Data Start Marker
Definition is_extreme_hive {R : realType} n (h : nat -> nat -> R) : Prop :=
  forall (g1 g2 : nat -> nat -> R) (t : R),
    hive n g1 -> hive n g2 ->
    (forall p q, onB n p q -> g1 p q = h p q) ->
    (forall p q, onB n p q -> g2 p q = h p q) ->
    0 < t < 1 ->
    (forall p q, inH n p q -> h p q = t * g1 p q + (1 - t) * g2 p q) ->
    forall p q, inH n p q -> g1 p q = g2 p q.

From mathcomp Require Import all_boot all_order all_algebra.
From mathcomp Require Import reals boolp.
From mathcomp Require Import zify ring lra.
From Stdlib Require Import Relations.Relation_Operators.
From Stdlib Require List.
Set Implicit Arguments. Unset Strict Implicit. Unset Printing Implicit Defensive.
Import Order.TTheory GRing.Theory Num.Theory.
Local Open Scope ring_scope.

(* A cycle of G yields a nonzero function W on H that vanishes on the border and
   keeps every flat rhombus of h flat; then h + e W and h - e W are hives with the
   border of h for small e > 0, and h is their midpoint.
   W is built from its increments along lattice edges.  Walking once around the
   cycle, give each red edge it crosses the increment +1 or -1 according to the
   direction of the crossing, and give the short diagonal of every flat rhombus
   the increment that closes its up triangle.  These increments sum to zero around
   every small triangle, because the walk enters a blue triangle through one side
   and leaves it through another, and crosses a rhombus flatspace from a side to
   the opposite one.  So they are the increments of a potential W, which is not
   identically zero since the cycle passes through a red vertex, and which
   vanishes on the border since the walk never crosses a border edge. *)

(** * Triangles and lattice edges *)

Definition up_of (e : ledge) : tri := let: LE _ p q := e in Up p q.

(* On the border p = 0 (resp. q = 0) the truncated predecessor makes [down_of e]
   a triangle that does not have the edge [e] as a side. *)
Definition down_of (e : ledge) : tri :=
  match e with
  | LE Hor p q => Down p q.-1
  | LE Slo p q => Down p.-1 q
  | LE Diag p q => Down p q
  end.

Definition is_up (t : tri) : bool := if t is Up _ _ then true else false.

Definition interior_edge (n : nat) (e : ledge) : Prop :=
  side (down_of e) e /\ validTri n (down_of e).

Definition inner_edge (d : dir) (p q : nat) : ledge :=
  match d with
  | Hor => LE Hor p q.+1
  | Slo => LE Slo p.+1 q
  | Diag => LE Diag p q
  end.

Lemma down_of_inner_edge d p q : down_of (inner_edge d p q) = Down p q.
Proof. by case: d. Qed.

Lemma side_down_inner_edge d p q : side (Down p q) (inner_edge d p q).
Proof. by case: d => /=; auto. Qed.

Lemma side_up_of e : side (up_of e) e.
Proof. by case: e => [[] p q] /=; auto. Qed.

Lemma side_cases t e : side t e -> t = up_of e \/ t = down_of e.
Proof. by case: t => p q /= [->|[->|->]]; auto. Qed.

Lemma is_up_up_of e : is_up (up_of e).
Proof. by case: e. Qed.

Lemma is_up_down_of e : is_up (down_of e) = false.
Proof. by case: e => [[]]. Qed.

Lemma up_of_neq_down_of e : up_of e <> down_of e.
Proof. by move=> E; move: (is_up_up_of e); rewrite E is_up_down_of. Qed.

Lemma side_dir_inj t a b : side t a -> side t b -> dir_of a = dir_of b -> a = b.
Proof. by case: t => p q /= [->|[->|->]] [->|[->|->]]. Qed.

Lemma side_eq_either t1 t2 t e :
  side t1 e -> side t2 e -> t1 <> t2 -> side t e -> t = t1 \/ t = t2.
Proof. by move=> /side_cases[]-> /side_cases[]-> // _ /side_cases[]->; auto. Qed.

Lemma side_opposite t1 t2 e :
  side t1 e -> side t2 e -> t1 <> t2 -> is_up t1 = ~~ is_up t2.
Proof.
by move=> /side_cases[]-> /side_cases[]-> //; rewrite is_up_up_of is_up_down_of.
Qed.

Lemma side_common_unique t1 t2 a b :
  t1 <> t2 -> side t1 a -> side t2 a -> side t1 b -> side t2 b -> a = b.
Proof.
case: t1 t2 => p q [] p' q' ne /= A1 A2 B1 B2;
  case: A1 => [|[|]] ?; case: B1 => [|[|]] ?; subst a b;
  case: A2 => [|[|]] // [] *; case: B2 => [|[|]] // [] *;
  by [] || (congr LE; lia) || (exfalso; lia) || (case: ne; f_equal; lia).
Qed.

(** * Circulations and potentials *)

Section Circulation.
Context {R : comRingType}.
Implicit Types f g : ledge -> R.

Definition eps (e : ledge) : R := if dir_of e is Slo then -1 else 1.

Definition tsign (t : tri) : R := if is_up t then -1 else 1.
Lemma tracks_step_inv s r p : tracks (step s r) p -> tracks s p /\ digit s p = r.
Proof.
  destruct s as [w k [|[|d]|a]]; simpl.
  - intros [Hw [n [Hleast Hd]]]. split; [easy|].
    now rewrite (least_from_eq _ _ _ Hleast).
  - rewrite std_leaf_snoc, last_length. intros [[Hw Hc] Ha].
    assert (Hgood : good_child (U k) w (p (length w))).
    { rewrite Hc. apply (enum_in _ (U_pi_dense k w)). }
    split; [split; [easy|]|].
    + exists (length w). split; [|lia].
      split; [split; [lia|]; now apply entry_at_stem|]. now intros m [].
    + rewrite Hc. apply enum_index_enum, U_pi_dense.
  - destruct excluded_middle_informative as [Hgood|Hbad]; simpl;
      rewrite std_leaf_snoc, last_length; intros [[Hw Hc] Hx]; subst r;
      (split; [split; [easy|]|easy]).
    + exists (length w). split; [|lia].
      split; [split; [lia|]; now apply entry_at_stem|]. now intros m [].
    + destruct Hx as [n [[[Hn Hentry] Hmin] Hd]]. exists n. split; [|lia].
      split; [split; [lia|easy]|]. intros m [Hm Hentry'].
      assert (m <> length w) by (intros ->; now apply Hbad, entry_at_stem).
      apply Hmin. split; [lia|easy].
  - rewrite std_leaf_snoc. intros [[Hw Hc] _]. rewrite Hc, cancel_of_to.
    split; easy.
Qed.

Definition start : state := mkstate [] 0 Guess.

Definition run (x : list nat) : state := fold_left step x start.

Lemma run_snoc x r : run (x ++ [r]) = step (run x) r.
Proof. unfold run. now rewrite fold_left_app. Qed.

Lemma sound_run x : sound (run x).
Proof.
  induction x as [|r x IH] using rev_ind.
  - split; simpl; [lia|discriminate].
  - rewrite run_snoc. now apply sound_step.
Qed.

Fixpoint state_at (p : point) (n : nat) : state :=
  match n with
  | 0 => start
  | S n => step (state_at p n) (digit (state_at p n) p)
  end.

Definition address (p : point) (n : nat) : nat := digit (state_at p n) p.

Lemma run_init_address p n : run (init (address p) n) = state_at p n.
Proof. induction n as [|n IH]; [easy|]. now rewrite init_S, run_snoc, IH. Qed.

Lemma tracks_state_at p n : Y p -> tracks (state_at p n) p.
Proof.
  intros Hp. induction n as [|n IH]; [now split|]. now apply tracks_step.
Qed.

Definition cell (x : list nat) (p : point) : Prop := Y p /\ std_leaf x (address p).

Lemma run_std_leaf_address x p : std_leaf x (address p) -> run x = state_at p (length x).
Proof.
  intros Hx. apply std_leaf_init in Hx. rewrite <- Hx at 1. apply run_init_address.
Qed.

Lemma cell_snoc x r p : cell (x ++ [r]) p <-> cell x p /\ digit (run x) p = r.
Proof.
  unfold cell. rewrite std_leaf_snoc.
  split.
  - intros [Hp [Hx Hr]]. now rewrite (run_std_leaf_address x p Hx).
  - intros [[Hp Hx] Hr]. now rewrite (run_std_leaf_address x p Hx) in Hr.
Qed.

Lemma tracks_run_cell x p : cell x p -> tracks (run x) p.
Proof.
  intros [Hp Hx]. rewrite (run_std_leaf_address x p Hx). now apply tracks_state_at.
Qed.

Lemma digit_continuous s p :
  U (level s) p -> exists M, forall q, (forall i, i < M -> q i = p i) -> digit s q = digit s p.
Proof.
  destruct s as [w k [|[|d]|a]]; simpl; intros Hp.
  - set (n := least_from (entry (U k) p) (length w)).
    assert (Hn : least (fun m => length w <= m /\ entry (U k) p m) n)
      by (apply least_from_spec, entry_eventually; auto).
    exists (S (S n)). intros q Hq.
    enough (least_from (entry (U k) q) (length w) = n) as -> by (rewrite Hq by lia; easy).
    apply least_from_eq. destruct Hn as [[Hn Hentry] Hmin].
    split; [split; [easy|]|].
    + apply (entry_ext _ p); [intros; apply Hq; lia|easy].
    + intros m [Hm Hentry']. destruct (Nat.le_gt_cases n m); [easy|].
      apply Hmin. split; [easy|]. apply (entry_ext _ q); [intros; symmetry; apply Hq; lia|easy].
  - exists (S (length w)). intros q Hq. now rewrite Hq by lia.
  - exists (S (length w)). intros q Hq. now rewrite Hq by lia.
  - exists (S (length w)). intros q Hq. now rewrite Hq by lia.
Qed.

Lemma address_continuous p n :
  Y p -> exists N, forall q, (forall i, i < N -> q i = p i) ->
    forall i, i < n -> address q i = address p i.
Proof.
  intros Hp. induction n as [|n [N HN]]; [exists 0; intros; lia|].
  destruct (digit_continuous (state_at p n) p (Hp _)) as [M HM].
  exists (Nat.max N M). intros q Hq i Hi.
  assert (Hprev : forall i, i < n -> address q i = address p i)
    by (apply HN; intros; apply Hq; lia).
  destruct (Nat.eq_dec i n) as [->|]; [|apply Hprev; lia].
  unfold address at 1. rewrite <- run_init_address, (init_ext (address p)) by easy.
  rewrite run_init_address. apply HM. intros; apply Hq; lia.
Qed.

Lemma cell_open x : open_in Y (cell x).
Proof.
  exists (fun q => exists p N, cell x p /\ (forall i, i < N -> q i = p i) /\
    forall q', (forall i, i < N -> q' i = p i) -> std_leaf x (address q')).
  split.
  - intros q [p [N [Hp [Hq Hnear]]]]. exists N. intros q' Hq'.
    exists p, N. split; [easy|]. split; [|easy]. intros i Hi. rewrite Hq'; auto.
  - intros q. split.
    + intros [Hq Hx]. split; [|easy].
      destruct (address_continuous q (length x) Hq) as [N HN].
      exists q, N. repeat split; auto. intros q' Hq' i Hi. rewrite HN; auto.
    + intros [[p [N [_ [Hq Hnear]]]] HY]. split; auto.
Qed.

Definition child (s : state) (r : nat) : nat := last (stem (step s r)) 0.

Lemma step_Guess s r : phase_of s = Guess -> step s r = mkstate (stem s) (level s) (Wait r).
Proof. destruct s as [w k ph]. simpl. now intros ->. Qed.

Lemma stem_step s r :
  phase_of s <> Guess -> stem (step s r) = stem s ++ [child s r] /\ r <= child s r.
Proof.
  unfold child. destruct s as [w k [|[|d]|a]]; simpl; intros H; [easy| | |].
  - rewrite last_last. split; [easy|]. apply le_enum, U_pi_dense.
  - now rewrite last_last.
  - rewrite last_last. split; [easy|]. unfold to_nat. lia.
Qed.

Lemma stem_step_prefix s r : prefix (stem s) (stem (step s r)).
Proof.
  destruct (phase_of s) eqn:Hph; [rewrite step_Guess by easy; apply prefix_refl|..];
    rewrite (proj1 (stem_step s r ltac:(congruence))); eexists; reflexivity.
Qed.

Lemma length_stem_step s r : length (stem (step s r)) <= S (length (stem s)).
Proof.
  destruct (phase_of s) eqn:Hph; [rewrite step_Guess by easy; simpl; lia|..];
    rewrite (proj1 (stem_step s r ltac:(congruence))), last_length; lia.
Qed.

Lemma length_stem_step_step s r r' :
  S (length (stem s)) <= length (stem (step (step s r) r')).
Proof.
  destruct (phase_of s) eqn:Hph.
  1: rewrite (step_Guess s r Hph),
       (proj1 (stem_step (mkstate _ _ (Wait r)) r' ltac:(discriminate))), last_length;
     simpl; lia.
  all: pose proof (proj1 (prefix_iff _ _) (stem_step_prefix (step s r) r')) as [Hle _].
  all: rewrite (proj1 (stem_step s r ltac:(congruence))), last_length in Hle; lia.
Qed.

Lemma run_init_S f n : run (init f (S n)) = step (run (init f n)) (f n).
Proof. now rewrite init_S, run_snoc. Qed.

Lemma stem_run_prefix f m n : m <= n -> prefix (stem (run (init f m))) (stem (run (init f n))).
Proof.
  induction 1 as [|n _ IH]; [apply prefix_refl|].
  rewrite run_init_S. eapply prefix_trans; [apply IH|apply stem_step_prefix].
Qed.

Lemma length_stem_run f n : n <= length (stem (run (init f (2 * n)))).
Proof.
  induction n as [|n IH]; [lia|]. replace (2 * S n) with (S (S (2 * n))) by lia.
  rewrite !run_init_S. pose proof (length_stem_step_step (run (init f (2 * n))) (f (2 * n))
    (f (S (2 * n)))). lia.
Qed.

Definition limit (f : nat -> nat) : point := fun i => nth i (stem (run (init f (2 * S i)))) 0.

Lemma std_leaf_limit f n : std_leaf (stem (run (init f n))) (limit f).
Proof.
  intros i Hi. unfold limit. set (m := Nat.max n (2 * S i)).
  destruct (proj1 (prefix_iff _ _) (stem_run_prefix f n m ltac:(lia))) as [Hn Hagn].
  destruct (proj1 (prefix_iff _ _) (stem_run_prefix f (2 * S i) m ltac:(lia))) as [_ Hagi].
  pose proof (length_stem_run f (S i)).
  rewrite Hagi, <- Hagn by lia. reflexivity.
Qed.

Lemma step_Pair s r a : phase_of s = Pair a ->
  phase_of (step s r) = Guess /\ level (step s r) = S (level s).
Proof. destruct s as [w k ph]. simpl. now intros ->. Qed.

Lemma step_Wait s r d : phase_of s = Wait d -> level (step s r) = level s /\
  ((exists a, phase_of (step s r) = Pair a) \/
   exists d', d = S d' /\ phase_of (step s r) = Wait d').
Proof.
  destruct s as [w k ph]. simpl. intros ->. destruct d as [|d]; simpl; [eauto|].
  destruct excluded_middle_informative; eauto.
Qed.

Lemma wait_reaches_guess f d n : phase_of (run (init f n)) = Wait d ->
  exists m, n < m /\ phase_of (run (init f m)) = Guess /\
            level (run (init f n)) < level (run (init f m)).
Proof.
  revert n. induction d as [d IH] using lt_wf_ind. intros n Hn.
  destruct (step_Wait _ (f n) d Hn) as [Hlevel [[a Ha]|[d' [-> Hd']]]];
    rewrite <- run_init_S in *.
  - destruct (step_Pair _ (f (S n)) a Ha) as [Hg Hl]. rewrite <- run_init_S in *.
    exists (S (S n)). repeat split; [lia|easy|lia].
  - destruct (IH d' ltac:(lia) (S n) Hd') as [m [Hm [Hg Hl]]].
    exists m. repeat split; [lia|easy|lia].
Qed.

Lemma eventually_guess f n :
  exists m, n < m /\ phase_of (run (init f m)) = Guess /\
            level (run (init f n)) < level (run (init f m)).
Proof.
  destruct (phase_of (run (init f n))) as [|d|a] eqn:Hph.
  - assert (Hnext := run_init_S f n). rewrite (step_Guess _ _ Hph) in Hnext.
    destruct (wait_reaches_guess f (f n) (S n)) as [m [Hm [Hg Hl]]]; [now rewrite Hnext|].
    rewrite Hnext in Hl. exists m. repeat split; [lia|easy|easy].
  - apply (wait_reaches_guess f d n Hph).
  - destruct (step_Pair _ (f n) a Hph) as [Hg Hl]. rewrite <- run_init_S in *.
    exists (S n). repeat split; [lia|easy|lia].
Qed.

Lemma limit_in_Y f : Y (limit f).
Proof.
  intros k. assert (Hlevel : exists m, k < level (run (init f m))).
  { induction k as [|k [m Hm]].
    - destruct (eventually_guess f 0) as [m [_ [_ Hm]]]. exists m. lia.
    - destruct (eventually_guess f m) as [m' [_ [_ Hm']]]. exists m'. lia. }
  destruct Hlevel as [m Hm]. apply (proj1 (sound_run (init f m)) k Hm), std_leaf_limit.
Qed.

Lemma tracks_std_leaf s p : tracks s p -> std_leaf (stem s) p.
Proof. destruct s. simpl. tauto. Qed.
Data End Marker
**Requirement:** Reproducing the whole listing above is not the task. Copy exactly only the lines from the one with "destruct excluded_middle_informative; eauto." to the one with "destruct (step_Wait _", both kept.

**Task result:**
  destruct excluded_middle_informative; eauto.
Qed.

Lemma wait_reaches_guess f d n : phase_of (run (init f n)) = Wait d ->
  exists m, n < m /\ phase_of (run (init f m)) = Guess /\
            level (run (init f n)) < level (run (init f m)).
Proof.
  revert n. induction d as [d IH] using lt_wf_ind. intros n Hn.
  destruct (step_Wait _ (f n) d Hn) as [Hlevel [[a Ha]|[d' [-> Hd']]]];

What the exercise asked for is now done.